▶ _DATA SECTION_:
Lemma wiso_conj M N c : wiso M N -> exists (f : 'M_(mdim N, mdim M)) g,
  [/\ g *m f = 1%:M, mZ N - c%:M = f *m (mZ M - c%:M) *m g,
      mX N = f *m mX M *m g &
      mX N *m (mZ N - c%:M) = f *m (mX M *m (mZ M - c%:M)) *m g].
Proof.
case=> f [g [gf fg fZ fX]]; exists f, g.
have Zc : mZ N - c%:M = f *m (mZ M - c%:M) *m g.
  rewrite (intertw_conj fg fZ) mulmxBr mulmxBl mul_mx_scalar -scalemxAl fg.
  by rewrite scalemx1.
split => //; first exact: intertw_conj fg fX.
by rewrite Zc (intertw_conj fg fX) !mulmxA -(mulmxA _ g f) gf mulmx1.
Qed.

Lemma zeig_dim_wiso c M N : wiso M N -> zeig_dim c M = zeig_dim c N.
Proof.
move=> iso; have [f [g [gf Zc _ _]]] := wiso_conj c iso.
rewrite /zeig_dim Zc mxrank_conj //; congr (_ - _).
by rewrite (wiso_dim iso).
Qed.

Lemma xeig_rank_wiso c M N : wiso M N -> xeig_rank c M = xeig_rank c N.
Proof.
move=> iso; have [f [g [gf _ X_conj XZc]]] := wiso_conj c iso.
by rewrite /xeig_rank XZc X_conj !mxrank_conj.
Qed.

Lemma zeig_dim_dsum c M N : zeig_dim c (dsum M N) = zeig_dim c M + zeig_dim c N.
Proof.
rewrite /zeig_dim /= block_diag_sub_scalar rank_diag_block_mx.
by rewrite !PoszD opprD addrACA.
Qed.

Lemma xeig_rank_dsum c M N : xeig_rank c (dsum M N) = xeig_rank c M + xeig_rank c N.
Proof.
rewrite /xeig_rank /= block_diag_sub_scalar block_diag_mul !rank_diag_block_mx.
by rewrite !PoszD opprD addrACA.
Qed.

Lemma mult_wiso j c M N : wiso M N -> mult j c M = mult j c N.
Proof.
move=> iso; case: j => [|j] /=.
  by rewrite (zeig_dim_wiso _ iso) !(xeig_rank_wiso _ iso).
by rewrite (xeig_rank_wiso _ iso).
Qed.

Lemma mult_dsum j c M N : mult j c (dsum M N) = mult j c M + mult j c N.
Proof.
by case: j => [|j] /=; rewrite ?zeig_dim_dsum !xeig_rank_dsum //; ring.
Qed.

Lemma mxrank_scalar1 (x : k) : \rank (x%:M : 'M_1) = (x != 0).
Proof.
have [->|x0] := eqVneq x 0; first by rewrite raddf0 mxrank0.
by rewrite mxrank_unit // unitmxE det_scalar1 unitfE.
Qed.

Lemma zeig_dim_modS c c' : zeig_dim c (modS c') = (c' == c)%:R.
Proof.
by rewrite /zeig_dim /mZ /= -raddfB mxrank_scalar1 subr_eq0; case: (c' == c).
Qed.

Lemma xeig_rank_modS c c' : xeig_rank c (modS c') = 0.
Proof. by rewrite /xeig_rank /= mul0mx mxrank0 subrr. Qed.

Lemma modD_sub_scalar l c :
  mZ (modD q l 1) - c%:M = block_mx (l - c)%:M 0 0 (q * l - c)%:M :> 'M_(1 + 1).
Proof. by rewrite block_diag_sub_scalar -!raddfB. Qed.

Lemma zeig_dim_modD c l : zeig_dim c (modD q l 1) = (l == c)%:R + (q * l == c)%:R.
Proof.
rewrite /zeig_dim modD_sub_scalar rank_diag_block_mx !mxrank_scalar1 !subr_eq0.
by case: (l == c); case: (q * l == c).
Qed.

Lemma xeig_rank_modD c l : xeig_rank c (modD q l 1) = (l == c)%:R.
Proof.
rewrite /xeig_rank modD_sub_scalar /mX /= (@mulmx_block _ 1 1 1 1 1 1) !mulmx0 !mul0mx.
rewrite !addr0 mul1mx !block_mxEv !row_mx0 !rank_col_0mx !rank_row_mx0 mxrank1.
by rewrite mxrank_scalar1 subr_eq0; case: (l == c).
Qed.

Lemma mult_indec j j' c c' : q != 0 -> (j < 2)%N -> (j' < 2)%N ->
  mult j c (indec q j' c') = ((j' == j) && (c' == c))%:R.
Proof.
move=> q0; case: j => [|[|//]] _; case: j' => [|[|//]] _ /=;
  rewrite ?zeig_dim_modS ?xeig_rank_modS ?zeig_dim_modD ?xeig_rank_modD ?subr0 //.
have -> : (q * c' == c) = (c' == c / q).
  by rewrite (can2_eq (mulKf q0) (mulVKf q0)) mulrC.
by ring.
Qed.

End Invariants.

Section GreenRing.
Variable k : fieldType.
Variables (n : nat) (q a : k).
Hypothesis q_prim : (2 * n).-primitive_root q.
Local Notation basis := (basis_comb n q a).
Local Notation bc := (bcMod n q a).
Local Notation cd := (cdMod n q a).
Local Notation green_eq := (green_eq n q).
Implicit Types (x y : fz k) (M : wmod k).

Let q_neq0 : q != 0 := prim_root_neq0 q_prim.
Let q_order : q ^+ (2 * n) = 1 := prim_expr_order q_prim.

Lemma coef_basis lam mu M : coef (basis lam mu) M =
  \sum_(i <- iota 0 (2 * n)) \sum_(j <- iota 0 2) lam i j * (bc i j == M)%:R
  + \sum_(l <- iota 0 2) mu l * (cd l == M)%:R.
Proof.
rewrite /coef big_mkcond /basis_comb big_cat big_allpairs_dep /= !big_cons !big_nil.
have ifE (b : bool) (z : int) : (if b then z else 0) = z * b%:R.
  by case: b; rewrite ?mulr1 ?mulr0.
by congr (_ + _); [apply: eq_bigr => i _; rewrite !big_cons !big_nil |]; rewrite !ifE.
Qed.

Lemma sum_iota_delta (F : nat -> int) N l : (l < N)%N ->
  \sum_(i <- iota 0 N) (i == l)%:R * F i = F l.
Proof.
move=> lN; rewrite (bigD1_seq l) ?mem_iota ?iota_uniq //= eqxx mul1r big1 ?addr0 //.
by move=> i /negPf ->; rewrite mul0r.
Qed.

Definition spannable x := exists lam mu, green_eq x (basis lam mu).

Lemma spannable_green x y : green_eq x y -> spannable y -> spannable x.
Proof. by move=> exy [lam [mu ey]]; exists lam, mu; apply: green_eq_trans exy ey. Qed.

Lemma spannable_basis x lam mu : coef x =1 coef (basis lam mu) -> spannable x.
Proof. by move=> ex; exists lam, mu; apply: green_eq_coef (green_eq_refl _ _ x). Qed.

Lemma spannable_nil : spannable [::].
Proof.
apply: (@spannable_basis _ (fun _ _ => 0) (fun _ => 0)) => M.
rewrite coef_nil coef_basis !big1 ?addr0 // => [l _|i _]; first by rewrite mul0r.
by rewrite big1 // => j _; rewrite mul0r.
Qed.

Lemma spannable_cat x y : spannable x -> spannable y -> spannable (x ++ y).
Proof.
move=> [lam [mu ex]] [lam' [mu' ey]].
apply: (spannable_green (green_eq_cat ex ey)).
apply: (@spannable_basis _ (fun i j => lam i j + lam' i j) (fun l => mu l + mu' l)) => M.
rewrite coef_cat !coef_basis addrACA -!big_split /=; congr (_ + _).
  by apply: eq_bigr => i _; rewrite -big_split; apply: eq_bigr => j _; rewrite mulrDl.
by apply: eq_bigr => l _; rewrite mulrDl.
Qed.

▶ _EXERCISE DESCRIPTION_:
Find the lines above that hold "exists", then copy each of them.

▶ _FINAL ANSWER_:
Lemma wiso_conj M N c : wiso M N -> exists (f : 'M_(mdim N, mdim M)) g,
case=> f [g [gf fg fZ fX]]; exists f, g.
Definition spannable x := exists lam mu, green_eq x (basis lam mu).
Proof. by move=> exy [lam [mu ey]]; exists lam, mu; apply: green_eq_trans exy ey. Qed.
Proof. by move=> ex; exists lam, mu; apply: green_eq_coef (green_eq_refl _ _ x). Qed.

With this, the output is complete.